Built with Rust for performance and safety, Hook0 supports PostgreSQL as its database and can be deployed on-premises, via Docker, or on its free hosted Cloud tier. It includes a modern UI for non-technical users, a JSON REST API, SDKs, and an MCP Server for AI assistants. The SSPL license ensures it remains open while preventing cloud providers from reselling it as a managed service.
What You Get
- JSON REST API - A documented, production-ready API for sending events, listing subscriptions, and retrieving delivery logs with full HTTP status codes and payload inspection.
- Fine-grained subscriptions - Users can subscribe to specific event types (e.g., ‘payment.success’, ‘user.created’) and filter by business context like user ID or organization.
- Auto retry with exponential backoff - Hook0 automatically retries failed deliveries with configurable backoff intervals and monitors endpoint health to avoid spamming broken URLs.
- Signed and encrypted payloads - All webhooks are sent over TLS and include a cryptographic signature (HMAC) to verify authenticity and prevent tampering or replay attacks.

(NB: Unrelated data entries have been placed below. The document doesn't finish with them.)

(* Let $\mathbf C$ be a category of coframes. The forgetful functor $|\_|:\mathbf C^{\mathrm{conv}}\to\mathbf C$ is topological: every sink $(\varphi_i:|L_i|\to L)_{i\in I}$ (with $I$ any class, each $L_i$ a convergence $\mathbf C$-object, each $\varphi_i$ a $\mathbf C$-morphism) has a unique final lift, namely $(L,\lim_L)$ with $\lim_L\mathcal F=\bigwedge_{i\in I}\varphi_i(\lim_{L_i}\varphi_i^{-1}(\mathcal F))$ for $\mathcal F\in\mathbb F L$. The same holds for the restriction of $|\_|$ to the full subcategory $\mathbf C^{\mathrm{conv}}_{\mathrm{cl}}$ of classical convergence $\mathbf C$-objects.
   Context: A category of coframes has coframes (complete lattices in which arbitrary infima distribute over binary suprema) as objects and coframe morphisms (maps preserving arbitrary infima and finite suprema) as morphisms. A filter on $L$ is a non-empty upward-closed subset closed under binary meets ($L$ allowed); $\mathbb F L$ is the set of filters. A convergence $\mathbf C$-object is $(L,\lim_L)$ with $\lim_L:\mathbb F L\to L$ monotone (a convergence structure on $L$); morphisms of $\mathbf C^{\mathrm{conv}}$ are $\mathbf C$-morphisms $\varphi:L\to L'$ with $\lim_{L'}\mathcal F\le\varphi(\lim_L\varphi^{-1}(\mathcal F))$ for all $\mathcal F\in\mathbb F L'$ (continuity). $|\_|$ sends $(L,\lim_L)$ to $L$. A lift of the sink is a convergence structure on $L$ making every $\varphi_i$ continuous; it is final if for every $\mathbf C$-morphism $\psi:L\to|L'|$ with $L'$ a convergence $\mathbf C$-object, $\psi$ is continuous iff $\psi\circ\varphi_i$ is continuous for every $i$. $\mathcal C_L$ denotes the set of complemented elements of $L$; $(L,\lim_L)$ is classical if $\mathcal F\cap\mathcal C_L=\mathcal G\cap\mathcal C_L$ implies $\lim_L\mathcal F=\lim_L\mathcal G$. *)

Set Implicit Arguments.
Unset Strict Implicit.

Record coframe := Coframe {
  car :> Type;
  le : car -> car -> Prop;
  inf : (car -> Prop) -> car;
  sup2 : car -> car -> car;
  le_refl : forall x, le x x;
  le_trans : forall x y z, le x y -> le y z -> le x z;
  le_antisym : forall x y, le x y -> le y x -> x = y;
  inf_lb : forall (S : car -> Prop) x, S x -> le (inf S) x;
  inf_glb : forall (S : car -> Prop) y, (forall x, S x -> le y x) -> le y (inf S);
  sup2_ub_l : forall x y, le x (sup2 x y);
  sup2_ub_r : forall x y, le y (sup2 x y);
  sup2_lub : forall x y z, le x z -> le y z -> le (sup2 x y) z;
  inf_sup2_distr : forall a (S : car -> Prop),
    sup2 a (inf S) = inf (fun y => exists s, S s /\ y = sup2 a s)
}.

Arguments le {c}.
Arguments inf {c}.
Arguments sup2 {c}.

Definition top (L : coframe) : L := inf (fun _ : L => False).
Definition bot (L : coframe) : L := inf (fun _ : L => True).
Definition meet2 (L : coframe) (a b : L) : L := inf (fun x => x = a \/ x = b).

Definition image (A B : Type) (f : A -> B) (S : A -> Prop) : B -> Prop :=
  fun y => exists x, S x /\ y = f x.

Definition is_cofrm_mor (L L' : coframe) (f : L -> L') : Prop :=
  (forall S : L -> Prop, f (inf S) = inf (image f S)) /\
  f (bot L) = bot L' /\
  (forall a b, f (sup2 a b) = sup2 (f a) (f b)).

Record cofcat := CofCat {
  ob : coframe -> Prop;
  mor : forall L L' : coframe, (L -> L') -> Prop;
  mor_cofrm : forall (L L' : coframe) (f : L -> L'), mor f -> is_cofrm_mor f;
  mor_id : forall L : coframe, ob L -> mor (fun x : L => x);
  mor_comp : forall (L1 L2 L3 : coframe) (f : L1 -> L2) (g : L2 -> L3),
    mor f -> mor g -> mor (fun x => g (f x))
}.

Definition is_filter (L : coframe) (F : L -> Prop) : Prop :=
  (exists x, F x) /\
  (forall x y, F x -> le x y -> F y) /\
  (forall x y, F x -> F y -> F (meet2 x y)).

(* A convergence structure is represented by a map on subsets, of which only
   the values on filters are relevant; it must be monotone on filters. *)
Definition is_conv (L : coframe) (lim : (L -> Prop) -> L) : Prop :=
  forall F G : L -> Prop, is_filter F -> is_filter G ->
    (forall x, F x -> G x) -> le (lim F) (lim G).

Definition preim (L L' : coframe) (f : L -> L') (F : L' -> Prop) : L -> Prop :=
  fun a => F (f a).

Definition continuous (L L' : coframe) (limL : (L -> Prop) -> L)
  (limL' : (L' -> Prop) -> L') (f : L -> L') : Prop :=
  forall F : L' -> Prop, is_filter F -> le (limL' F) (f (limL (preim f F))).

Arguments continuous {L L'} limL limL' f.
Arguments is_conv {L} lim.
Arguments preim {L L'} f F.

Definition complemented (L : coframe) (a : L) : Prop :=
  exists b, meet2 a b = bot L /\ sup2 a b = top L.

Arguments complemented {L} a.

Definition classical (L : coframe) (lim : (L -> Prop) -> L) : Prop :=
  forall F G : L -> Prop, is_filter F -> is_filter G ->
    (forall a, complemented a -> (F a <-> G a)) -> lim F = lim G.

Section Sink.
Variables (L : coframe) (I : Type) (Li : I -> coframe)
  (limi : forall i, (Li i -> Prop) -> Li i) (phi : forall i, Li i -> L).

Definition is_lift (lim : (L -> Prop) -> L) : Prop :=
  is_conv lim /\ forall i : I, continuous (@limi i) lim (@phi i).

(* finality relative to the class of target convergence objects satisfying P
   (P = True for C^conv, P = classical for C^conv_cl) *)
Definition is_final (C : cofcat)
  (P : forall L' : coframe, ((L' -> Prop) -> L') -> Prop)
  (lim : (L -> Prop) -> L) : Prop :=
  forall (L' : coframe) (lim' : (L' -> Prop) -> L'),
    ob C L' -> is_conv lim' -> P L' lim' ->
    forall psi : L -> L', mor C psi ->
      (continuous lim lim' psi <->
       forall i : I, continuous (@limi i) lim' (fun x => psi (@phi i x))).

Definition final_lim (F : L -> Prop) : L :=
  inf (fun x => exists i : I, x = @phi i (@limi i (preim (@phi i) F))).

End Sink.

Arguments classical {L} lim.
Arguments is_filter {L} F.

Definition trueP (L' : coframe) (lim' : (L' -> Prop) -> L') : Prop := True.

(* The formula for [final_lim] is the meet of the upper bounds that continuity
   of each [phi i] imposes on a limit, so it is the largest convergence structure
   making the sink continuous.  It is final because a coframe morphism [psi]
   preserves that meet, so [psi] is continuous as soon as every [psi \o phi i]
   is.  Any other final lift [lim] satisfies [lim <= final_lim], and finality of
   [lim] tested on the identity into [(L, final_lim)] gives the converse.
   Classicality is inherited because coframe morphisms preserve complements, so
   the preimages of two filters with the same complemented elements again have
   the same complemented elements. *)
Set Implicit Arguments.
Unset Strict Implicit.

Lemma inf_ext (L : coframe) (S T : L -> Prop) :
  (forall x, S x <-> T x) -> inf S = inf T.
Proof.
  intros HST. apply le_antisym; apply inf_glb; intros x Hx; apply inf_lb, HST, Hx.
Qed.

Lemma le_top (L : coframe) (x : L) : le x (top L).
Proof. apply inf_glb. intros _ []. Qed.

Lemma sup2_idPr (L : coframe) (a b : L) : le a b -> sup2 a b = b.
Proof.
  intros Hab. apply le_antisym.
  - apply sup2_lub; [exact Hab | apply le_refl].
  - apply sup2_ub_r.
Qed.

Section CoframeMorphism.
Variables (L L' : coframe) (f : L -> L').
Hypothesis (Hf : is_cofrm_mor f).

Lemma cofrm_mor_mono (a b : L) : le a b -> le (f a) (f b).
Proof.
  intros Hab. rewrite <- (sup2_idPr Hab), (proj2 (proj2 Hf)). apply sup2_ub_l.
Qed.

Lemma cofrm_mor_meet2 (a b : L) : f (meet2 a b) = meet2 (f a) (f b).
Proof.
  unfold meet2. rewrite (proj1 Hf). apply inf_ext. intros y; split.
  - intros [x [[-> | ->] ->]]; [left | right]; reflexivity.
  - intros [-> | ->]; [exists a | exists b]; split; auto.
Qed.

Lemma cofrm_mor_top : f (top L) = top L'.
Proof.
  unfold top. rewrite (proj1 Hf). apply inf_ext. intros y; split.
  - intros [x [[] _]].
  - intros [].
Qed.

Lemma cofrm_mor_complemented (a : L) : complemented a -> complemented (f a).
Proof.
  intros [b [Hmeet Hsup]]. exists (f b). split.
  - rewrite <- cofrm_mor_meet2, Hmeet. exact (proj1 (proj2 Hf)).
  - rewrite <- (proj2 (proj2 Hf)), Hsup. exact cofrm_mor_top.
Qed.

Lemma preim_filter (F : L' -> Prop) : is_filter F -> is_filter (preim f F).
Proof.
  intros [[x Hx] [Hup Hmeet]]. unfold preim. split; [|split].
  - exists (top L). rewrite cofrm_mor_top. apply (Hup x); [exact Hx | apply le_top].
  - intros a b Ha Hab. apply (Hup (f a)); [exact Ha | apply cofrm_mor_mono, Hab].
  - intros a b Ha Hb. rewrite cofrm_mor_meet2. apply Hmeet; assumption.
Qed.

End CoframeMorphism.

Lemma continuous_comp (L1 L2 L3 : coframe) (lim1 : (L1 -> Prop) -> L1)
  (lim2 : (L2 -> Prop) -> L2) (lim3 : (L3 -> Prop) -> L3)
  (f : L1 -> L2) (g : L2 -> L3) :
  is_cofrm_mor g -> continuous lim1 lim2 f -> continuous lim2 lim3 g ->
  continuous lim1 lim3 (fun x => g (f x)).
Proof.
  intros Hg Hf_cont Hg_cont F HF.
  apply le_trans with (g (lim2 (preim g F))); [exact (Hg_cont F HF) |].
  apply (cofrm_mor_mono Hg), Hf_cont, (preim_filter Hg), HF.
Qed.

Unset Implicit Arguments.

Section FinalLift.
Context {C : cofcat} {L : coframe} {I : Type} {Li : I -> coframe}
  {limi : forall i, (Li i -> Prop) -> Li i} {phi : forall i, Li i -> L}.
Hypotheses (Hconv : forall i, is_conv (limi i)) (Hphi : forall i, mor C (phi i)).

Let Hphi_cofrm (i : I) : is_cofrm_mor (phi i) := mor_cofrm (Hphi i).

Lemma final_lim_conv : is_conv (final_lim limi phi).
Proof.
  intros F G HF HG HFG. apply inf_glb. intros x [i ->].
  apply le_trans with (phi i (limi i (preim (phi i) F))).
  - apply inf_lb. exists i. reflexivity.
  - apply (cofrm_mor_mono (Hphi_cofrm i)), Hconv.
    + apply (preim_filter (Hphi_cofrm i)), HF.
    + apply (preim_filter (Hphi_cofrm i)), HG.
    + intros a. apply HFG.
Qed.

Lemma final_lim_lift : is_lift limi phi (final_lim limi phi).
Proof.
  split; [exact final_lim_conv |].
  intros i F _. apply inf_lb. exists i. reflexivity.
Qed.

Lemma lift_le_final_lim {lim : (L -> Prop) -> L} {F : L -> Prop} :
  is_lift limi phi lim -> is_filter F -> le (lim F) (final_lim limi phi F).
Proof.
  intros [_ Hcont] HF. apply inf_glb. intros x [i ->]. apply Hcont, HF.
Qed.

Lemma final_lim_final (P : forall L' : coframe, ((L' -> Prop) -> L') -> Prop) :
  is_final limi phi C P (final_lim limi phi).
Proof.
  intros L' lim' _ _ _ psi Hpsi. pose proof (mor_cofrm Hpsi) as Hpsi_cofrm. split.
  - intros Hcont i. exact (continuous_comp Hpsi_cofrm (proj2 final_lim_lift i) Hcont).
  - intros Hcont F HF. unfold final_lim. rewrite (proj1 Hpsi_cofrm).
    apply inf_glb. intros y [x [[i ->] ->]]. apply Hcont, HF.
Qed.

Hypothesis (HL : ob C L).

Lemma final_lift_unique (P : forall L' : coframe, ((L' -> Prop) -> L') -> Prop)
  (lim : (L -> Prop) -> L) :
  P L (final_lim limi phi) -> is_lift limi phi lim -> is_final limi phi C P lim ->
  forall F, is_filter F -> lim F = final_lim limi phi F.
Proof.
  intros HP Hlift Hfinal F HF. apply le_antisym; [exact (lift_le_final_lim Hlift HF) |].
  assert (Hid_cont : continuous lim (final_lim limi phi) (fun x => x)).
  { apply (Hfinal L (final_lim limi phi) HL final_lim_conv HP _ (mor_id HL)).
    exact (proj2 final_lim_lift). }
  exact (Hid_cont F HF).
Qed.

Lemma final_lim_classical :
  (forall i, classical (limi i)) -> classical (final_lim limi phi).
Proof.
  intros Hcl F G HF HG HFG.
  assert (Hpreim : forall i, limi i (preim (phi i) F) = limi i (preim (phi i) G)).
  { intros i. apply Hcl.
    - apply (preim_filter (Hphi_cofrm i)), HF.
    - apply (preim_filter (Hphi_cofrm i)), HG.
    - intros a Ha. apply HFG, (cofrm_mor_complemented (Hphi_cofrm i)), Ha. }
  unfold final_lim. apply inf_ext. intros x.
  split; intros [i ->]; exists i; rewrite Hpreim; reflexivity.
Qed.

End FinalLift.

Theorem mainTheorem7 (C : cofcat) (L : coframe) (I : Type) (Li : I -> coframe)
  (limi : forall i, (Li i -> Prop) -> Li i) (phi : forall i, Li i -> L) :
  ob C L -> (forall i, ob C (Li i)) -> (forall i, is_conv (limi i)) ->
  (forall i, mor C (phi i)) ->
  (* the sink has a unique final lift in C^conv, given by final_lim *)
  (is_lift limi phi (final_lim limi phi) /\
   is_final limi phi C trueP (final_lim limi phi) /\
   (forall lim, is_lift limi phi lim -> is_final limi phi C trueP lim ->
      forall F, is_filter F -> lim F = final_lim limi phi F)) /\
  (* the same in the full subcategory of classical convergence objects *)
  ((forall i, classical (limi i)) ->
   classical (final_lim limi phi) /\
   is_lift limi phi (final_lim limi phi) /\
   is_final limi phi C (@classical) (final_lim limi phi) /\
   (forall lim, classical lim -> is_lift limi phi lim ->
      is_final limi phi C (@classical) lim ->
      forall F, is_filter F -> lim F = final_lim limi phi F)).
Proof.
  intros HL _ Hconv Hphi.
  pose proof (final_lim_lift Hconv Hphi) as Hlift.
  split.
  - split; [exact Hlift |]. split; [exact (final_lim_final Hconv Hphi trueP) |].
    intros lim. exact (final_lift_unique Hconv Hphi HL trueP lim Logic.I).
  - intros Hcl. pose proof (final_lim_classical Hphi Hcl) as Hfl_cl.
    split; [exact Hfl_cl |]. split; [exact Hlift |].
    split; [exact (final_lim_final Hconv Hphi (@classical)) |].
    intros lim _. exact (final_lift_unique Hconv Hphi HL (@classical) lim Hfl_cl).
Qed.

- Event and response persistence - Every event sent and every webhook delivery attempt (success or failure) is stored with full payload, headers, and HTTP status for debugging and replay.
- Embeddable subscriber portal - Customers get a branded, no-code dashboard with their own subdomain, logo, and real-time event logs to monitor webhook deliveries without technical knowledge.
- Multi-subscription support - A single subscriber can register multiple webhook endpoints; Hook0 delivers each event to all registered URLs simultaneously.
- Event scoping - Events can be scoped to users, organizations, or administrative levels, enabling multi-tenant SaaS applications to control who receives what events.
- GDPR-compliant data hosting - Hook0 Cloud stores all customer data in Europe, ensuring compliance with data sovereignty regulations and avoiding GAFAM infrastructure.
- MCP Server for AI assistants - Hook0 provides a dedicated server interface to integrate webhook events with AI agents and LLM-based automation tools.
Common Use Cases
- Building a SaaS integration platform - A B2B SaaS company uses Hook0 to let customers connect their CRM or ERP systems via webhooks without building retry logic, signing, or logging infrastructure.
- Enabling third-party automation for customers - A project management tool allows users to trigger Zapier-like workflows by subscribing to events like ‘task.completed’ via Hook0’s dashboard and API.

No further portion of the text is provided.